Generative Models Flashcards
(12 cards)
What is a generative model?
A model that learns the data distribution p(x) to create novel content such as images, text, audio, or video.
Name three applications of generative models mentioned in the lecture.
Data augmentation, dataset synthesis, and art creation (also code generation, text generation, audio synthesis).
Contrast discriminative and generative models.

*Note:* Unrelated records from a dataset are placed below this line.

Theorem countable_order_embeds_in_Q :
  exists h : T -> Q, (forall a b, le a b -> (h a <= h b)%Q) /\
                     (forall a b, (h a == h b)%Q -> a = b).
Proof.
  (* [next (n, h)] extends a stage-[n] embedding [h]; iterating it from the
     zero function gives stages that agree on earlier elements. *)
  destruct (choice (fun (nh : nat * (T -> Q)) h' => embeds_below (fst nh) (snd nh) ->
                      embeds_below (S (fst nh)) h' /\
                      forall a, (enc a < fst nh)%nat -> h' a = snd nh a))
    as [next Hnext].
  { intros [n h]. destruct (classic (embeds_below n h)) as [Hh|Hh].
    - destruct (embeds_below_succ n h Hh) as [h' H']. exists h'. auto.
    - exists h. intros; contradiction. }
  set (H := fix H n := match n with O => fun _ : T => 0%Q | S m => next (m, H m) end).
  assert (HV : forall n, embeds_below n (H n)).
  { induction n as [|n IH]; [intros a b Ha; lia|]. apply (Hnext (n, H n) IH). }
  assert (Hstable : forall n m a, (enc a < n)%nat -> (n <= m)%nat -> H m a = H n a).
  { intros n m a Ha Hnm. induction Hnm as [|m Hnm IH]; [reflexivity|].
    simpl. rewrite (proj2 (Hnext (m, H m) (HV m)) a) by (simpl; lia). exact IH. }
  exists (fun a => H (S (enc a)) a).
  assert (Hcommon : forall a b, let m := S (Nat.max (enc a) (enc b)) in
             H (S (enc a)) a = H m a /\ H (S (enc b)) b = H m b).
  { intros a b m. split; symmetry; apply Hstable; lia. }
  split; intros a b; destruct (Hcommon a b) as [-> ->]; apply HV; lia.
Qed.

End CountableOrderInQ.

Section Pseudoultrametric.

Variables (Z : Type) (d : Z -> Z -> R).
Hypothesis d_pum : pseudoultrametric d.

Lemma pum_le_cases (x y z : Z) : d x y <= d x z \/ d x y <= d z y.
Proof.
  destruct d_pum as [_ [_ [_ Hult]]]. apply Rmax_Rle, Hult.
Qed.

Lemma pum_isosceles (x y z : Z) :
  d x y = d y z \/ d x z = d y z \/ d x y = d x z.
Proof.
  destruct d_pum as [_ [Hsym _]].
  pose proof (pum_le_cases x y z). pose proof (pum_le_cases y z x).
  pose proof (pum_le_cases x z y). rewrite (Hsym y x) in *.
  rewrite (Hsym z y) in *. lra.
Qed.

Lemma pum_le_of_eq (x y z : Z) : d x y = d y z -> d x z <= d x y.
Proof.
  intros E. destruct (pum_le_cases x z y); lra.
Qed.

Lemma pum_zero_trans (x y z : Z) : d x y = 0 -> d y z = 0 -> d x z = 0.
Proof.
  destruct d_pum as [Hpos _]. intros Exy Eyz.
  pose proof (Hpos x z). pose proof (pum_le_of_eq x y z). lra.
Qed.

Lemma pum_zero_congr (x1 x2 x3 x4 : Z) :
  d x1 x2 = 0 -> d x3 x4 = 0 -> d x1 x3 = d x2 x4.
Proof.
  destruct d_pum as [Hpos [Hsym _]]. intros E12 E34.
  pose proof (Hpos x1 x3). pose proof (Hpos x2 x4). pose proof (Hpos x2 x3).
  pose proof (pum_le_cases x1 x3 x2). pose proof (pum_le_cases x2 x3 x1).
  pose proof (pum_le_cases x2 x4 x3). pose proof (pum_le_cases x3 x2 x4).
  rewrite (Hsym x2 x1), (Hsym x3 x2), (Hsym x4 x2) in *. lra.
Qed.

End Pseudoultrametric.

Lemma pseudoultrametric_transfer (Z X : Type) (d : Z -> Z -> R) (D : X -> X -> R)
  (g : Z -> X) : surjective g -> (forall z1 z2, D (g z1) (g z2) = d z1 z2) ->
  pseudoultrametric d -> pseudoultrametric D.
Proof.
  intros g_surj HD [Hpos [Hsym [Hrefl Hult]]].
  repeat split.
  - intros x y. destruct (g_surj x) as [z1 <-], (g_surj y) as [z2 <-].
    rewrite HD. apply Hpos.
  - intros x y. destruct (g_surj x) as [z1 <-], (g_surj y) as [z2 <-].
    rewrite !HD. apply Hsym.
  - intros x. destruct (g_surj x) as [z <-]. rewrite HD. apply Hrefl.
  - intros x y w. destruct (g_surj x) as [z1 <-], (g_surj y) as [z2 <-],
      (g_surj w) as [z3 <-]. rewrite !HD. apply Hult.
Qed.

Lemma rng_eq {X Y : Type} {Phi : X -> X -> Y} (a b : rng Phi) :
  proj1_sig a = proj1_sig b -> a = b.
Proof.
  destruct a as [a Ha], b as [b Hb]. simpl. intros <-. f_equal. apply proof_irrelevance.
Qed.

Section Range.

Variables (X Y : Type) (Phi : X -> X -> Y).

Lemma in_rng_surj (a : rng Phi) : exists x1 x2, a = in_rng Phi x1 x2.
Proof.
  destruct a as [a [x1 [x2 E]]]. exists x1, x2. apply rng_eq. symmetry. exact E.
Qed.

Lemma in_rng_congr (x1 x2 x3 x4 : X) :
  Phi x1 x2 = Phi x3 x4 -> in_rng Phi x1 x2 = in_rng Phi x3 x4.
Proof. intros E. apply rng_eq, E. Qed.

Lemma comb_similar_pullback (W : Type) (v : rng Phi -> W) :
  injective v -> comb_similar Phi (fun x y => v (in_rng Phi x y)).
Proof.
  intros v_inj.
  unshelve eexists (fun a => exist _ (v a) _).
  { destruct (in_rng_surj a) as [x1 [x2 ->]]. exists x1, x2. reflexivity. }
  exists (fun x => x). repeat split.
  - intros a b E. apply v_inj. exact (f_equal (@proj1_sig _ _) E).
  - intros [w [x1 [x2 E]]]. exists (in_rng Phi x1 x2). apply rng_eq. exact E.
  - intros x y E. exact E.
  - intros x. exists x. reflexivity.
Qed.

Lemma comb_similar_pum_pullback (Z : Type) (d : Z -> Z -> R) :
  pseudoultrametric d -> comb_similar Phi d ->
  exists v : rng Phi -> R,
    injective v /\ pseudoultrametric (fun x y => v (in_rng Phi x y)).
Proof.
  intros d_pum [f [g [[f_inj _] [[_ g_surj] Hfg]]]].
  exists (fun a => proj1_sig (f a)). split.
  - intros a b E. apply f_inj, rng_eq, E.
  - apply (pseudoultrametric_transfer Z X d _ g g_surj); [|exact d_pum].
    intros z1 z2. symmetry. apply Hfg.
Qed.

End Range.

Definition ultrametric_conditions {X Y : Type} (Phi : X -> X -> Y) : Prop :=
  symmetric_map Phi /\
  antisymmetric_rel (clos_trans Y (u_rel Phi)) /\
  (exists a0 : Y, (exists x y, Phi x y = a0) /\ coherent Phi a0) /\
  triple_condition Phi.

Section PseudoultrametricPullback.

Variables (X Y : Type) (Phi : X -> X -> Y) (v : rng Phi -> R).
Hypothesis v_inj : injective v.
Local Notation D x y := (v (in_rng Phi x y)).
Hypothesis D_pum : pseudoultrametric (fun x y => D x y).

Lemma pullback_eq_iff (x1 x2 x3 x4 : X) : Phi x1 x2 = Phi x3 x4 <-> D x1 x2 = D x3 x4.
Proof.
  split; intros E.
  - rewrite (in_rng_congr X Y Phi _ _ _ _ E). reflexivity.
  - exact (f_equal (@proj1_sig _ _) (v_inj _ _ E)).
Qed.

Lemma pullback_u_closure_le (a b : Y) : clos_trans Y (u_rel Phi) a b ->
  exists x1 x2 x3 x4, a = Phi x1 x2 /\ b = Phi x3 x4 /\ D x1 x2 <= D x3 x4.
Proof.
  induction 1 as [a b [x1 [x2 [x3 [-> [-> E]]]]]
                 |a b c _ [x1 [x2 [x3 [x4 [-> [-> Hle1]]]]]]
                  _ [y1 [y2 [y3 [y4 [E [-> Hle2]]]]]]].
  - exists x1, x3, x1, x2. repeat split.
    apply (pum_le_of_eq X _ D_pum). apply pullback_eq_iff, E.
  - exists x1, x2, y3, y4. repeat split.
    apply pullback_eq_iff in E. lra.
Qed.

Lemma pullback_u_antisym : antisymmetric_rel (clos_trans Y (u_rel Phi)).
Proof.
  intros a b Hab Hba.
  destruct (pullback_u_closure_le a b Hab) as [x1 [x2 [x3 [x4 [-> [-> Hle1]]]]]].
  destruct (pullback_u_closure_le _ _ Hba) as [y1 [y2 [y3 [y4 [E1 [E2 Hle2]]]]]].
  apply pullback_eq_iff in E1, E2. apply pullback_eq_iff. lra.
Qed.

Lemma pullback_coherent (x0 : X) : coherent Phi (Phi x0 x0).
Proof.
  destruct D_pum as [_ [Hsym [Hrefl _]]].
  assert (Hzero : forall x y, Phi x y = Phi x0 x0 <-> D x y = 0).
  { intros x y. rewrite pullback_eq_iff. simpl in Hrefl. rewrite Hrefl. reflexivity. }
  repeat split.
  - intros x. apply Hzero, Hrefl.
  - intros x y z Exy Eyz. apply Hzero. apply Hzero in Exy, Eyz.
    exact (pum_zero_trans X _ D_pum x y z Exy Eyz).
  - intros x y Exy. apply Hzero. apply Hzero in Exy. simpl in Hsym. rewrite Hsym. exact Exy.
  - intros x1 x2 x3 x4 E12 E34. apply pullback_eq_iff.
    apply Hzero in E12, E34. exact (pum_zero_congr X _ D_pum x1 x2 x3 x4 E12 E34).
Qed.

Lemma pullback_triple : triple_condition Phi.
Proof.
  destruct D_pum as [_ [Hsym _]]. simpl in Hsym.
  intros x1 x2 x3. rewrite !pullback_eq_iff, (Hsym x3 x2), (Hsym x2 x1).
  destruct (pum_isosceles X _ D_pum x1 x2 x3) as [E|[E|E]]; auto.
Qed.

Lemma pullback_ultrametric_conditions : inhabited X -> ultrametric_conditions Phi.
Proof.
  intros [x0]. destruct D_pum as [_ [Hsym _]]. repeat split.
  - intros x y. apply pullback_eq_iff, Hsym.
  - exact pullback_u_antisym.
  - exists (Phi x0 x0). split; [eauto|apply pullback_coherent].
  - exact pullback_triple.
Qed.

End PseudoultrametricPullback.

Definition similar_to_rational_pum {X Y : Type} (Phi : X -> X -> Y) : Prop :=
  exists d : X -> X -> R,
    pseudoultrametric d /\
    (forall x y, exists q : Q, (0 <= q)%Q /\ d x y = Q2R q) /\
    comb_similar Phi d.

Section RationalRealization.

Variables (X Y : Type) (Phi : X -> X -> Y) (x0 : X).
Hypothesis Phi_sym : symmetric_map Phi.
Hypothesis Phi_diag : forall x, Phi x x = Phi x0 x0.

Lemma rational_pum_of_ranking (h : rng Phi -> Q) :
  (forall a b, (h a == h b)%Q -> a = b) ->
  (forall a, (h (in_rng Phi x0 x0) <= h a)%Q) ->
  (forall x y z, (h (in_rng Phi x y) <= h (in_rng Phi x z))%Q \/
                 (h (in_rng Phi x y) <= h (in_rng Phi z y))%Q) ->
  similar_to_rational_pum Phi.
Proof.
  intros h_inj h_min h_ult.
  set (c := h (in_rng Phi x0 x0)).
  exists (fun x y => Q2R (h (in_rng Phi x y) - c)). split; [repeat split|split].
  - intros x y. rewrite <- RMicromega.Q2R_0. apply Qle_Rle.
    specialize (h_min (in_rng Phi x y)). unfold c. Lqa.lra.
  - intros x y. rewrite (in_rng_congr X Y Phi x y y x (Phi_sym x y)). reflexivity.
  - intros z. rewrite (in_rng_congr X Y Phi z z x0 x0 (Phi_diag z)).
    rewrite <- RMicromega.Q2R_0. apply Qeq_eqR. unfold c. Lqa.lra.
  - intros x y z. apply Rmax_Rle.
    destruct (h_ult x y z); [left|right]; apply Qle_Rle; Lqa.lra.
  - intros x y. exists (h (in_rng Phi x y) - c)%Q. split; [|reflexivity].
    specialize (h_min (in_rng Phi x y)). unfold c. Lqa.lra.
  - apply (comb_similar_pullback X Y Phi R (fun a => Q2R (h a - c))).
    intros a b E. apply h_inj. apply eqR_Qeq in E. Lqa.lra.
Qed.

Hypothesis u_antisym : antisymmetric_rel (clos_trans Y (u_rel Phi)).
Hypothesis Phi_triple : triple_condition Phi.

Definition u_order : relation (rng Phi) :=
  clos_refl_trans _ (fun a b => u_rel Phi (proj1_sig a) (proj1_sig b)).

Lemma u_order_clos_trans (a b : rng Phi) : u_order a b ->
  a = b \/ clos_trans Y (u_rel Phi) (proj1_sig a) (proj1_sig b).
Proof.
  induction 1 as [a b H|a|a b c _ [->|H1] _ [->|H2]]; auto.
  - right. apply t_step, H.
  - right. apply t_trans with (proj1_sig b); auto.
Qed.

Lemma u_order_antisym (a b : rng Phi) : u_order a b -> u_order b a -> a = b.
Proof.
  intros Hab Hba.
  destruct (u_order_clos_trans a b Hab) as [|H1]; [assumption|].
  destruct (u_order_clos_trans b a Hba) as [<-|H2]; [reflexivity|].
  apply rng_eq, u_antisym; assumption.
Qed.

Lemma u_order_diag_least (a : rng Phi) : u_order (in_rng Phi x0 x0) a.
Proof.
  destruct (in_rng_surj X Y Phi a) as [x [y ->]]. apply rt_step. simpl.
  exists x, y, x. rewrite (Phi_diag x). repeat split. apply Phi_sym.
Qed.

Lemma u_order_ultra (x y z : X) :
  u_order (in_rng Phi x y) (in_rng Phi x z) \/ u_order (in_rng Phi x y) (in_rng Phi z y).
Proof.
  assert (Phi x y = Phi x z \/ Phi x y = Phi z y \/ u_rel Phi (Phi x y) (Phi x z))
    as [E|[E|E]].
  { destruct (Phi_triple x y z) as [E|[E|[E|[E|[E|E]]]]].
    - right; left. rewrite E. apply Phi_sym.
    - right; right. exists x, z, y. auto.
    - left. rewrite Phi_sym. exact E.
    - right; right. exists x, z, y. repeat split. rewrite (Phi_sym x z), <- E. apply Phi_sym.
    - left. rewrite <- E. apply Phi_sym.
    - right; left. rewrite E. apply Phi_sym. }
  - left. rewrite (in_rng_congr X Y Phi _ _ _ _ E). apply rt_refl.
  - right. rewrite (in_rng_congr X Y Phi _ _ _ _ E). apply rt_refl.
  - left. apply rt_step. exact E.
Qed.

Lemma rational_pum_of_u_order : countable_range Phi -> similar_to_rational_pum Phi.
Proof.
  intros [enc enc_inj].
  destruct (countable_order_embeds_in_Q (rng Phi) enc u_order enc_inj
              (rt_trans _ _) u_order_antisym) as [h [h_mono h_inj]].
  apply (rational_pum_of_ranking h h_inj).
  - intros a. apply h_mono, u_order_diag_least.
  - intros x y z. destruct (u_order_ultra x y z); [left|right]; apply h_mono; auto.
Qed.

End RationalRealization.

Discriminative models learn p(y|x) for prediction tasks; generative models learn p(x) to model data; conditional generative models learn p(x|y).
List the types of generative models covered in the lecture.
Variational Autoencoders (VAEs), Generative Adversarial Networks (GANs), and diffusion models.
What principle underlies Variational Autoencoders?
VAEs use an encoder-decoder and maximize the Evidence Lower Bound (ELBO) on data log-likelihood via variational inference.
What limitation of VAEs was highlighted?
VAE-generated samples tend to be blurrier and lower quality compared to those from GANs and diffusion models.
How does a GAN work?
A generator network synthesizes data from noise to fool a discriminator network, which learns to distinguish real from fake data.
What is the training objective for GANs?
A minimax game where the generator tries to maximize the discriminator’s error while the discriminator tries to minimize it.
What is a DC-GAN?
A GAN that uses deep convolutional neural networks for both generator and discriminator, leading to higher-quality image generation.
What defines a conditional GAN?
A GAN where both generator and discriminator receive class labels y as input, enabling conditional data generation p(x|y).
What is a diffusion model?
A generative model formulated as a Markov chain, trained via variational inference to learn reverse denoising steps.
What terms make up the ELBO in diffusion models?
A prior matching term (no trainable parameters) and denoising matching term learned with a decoder.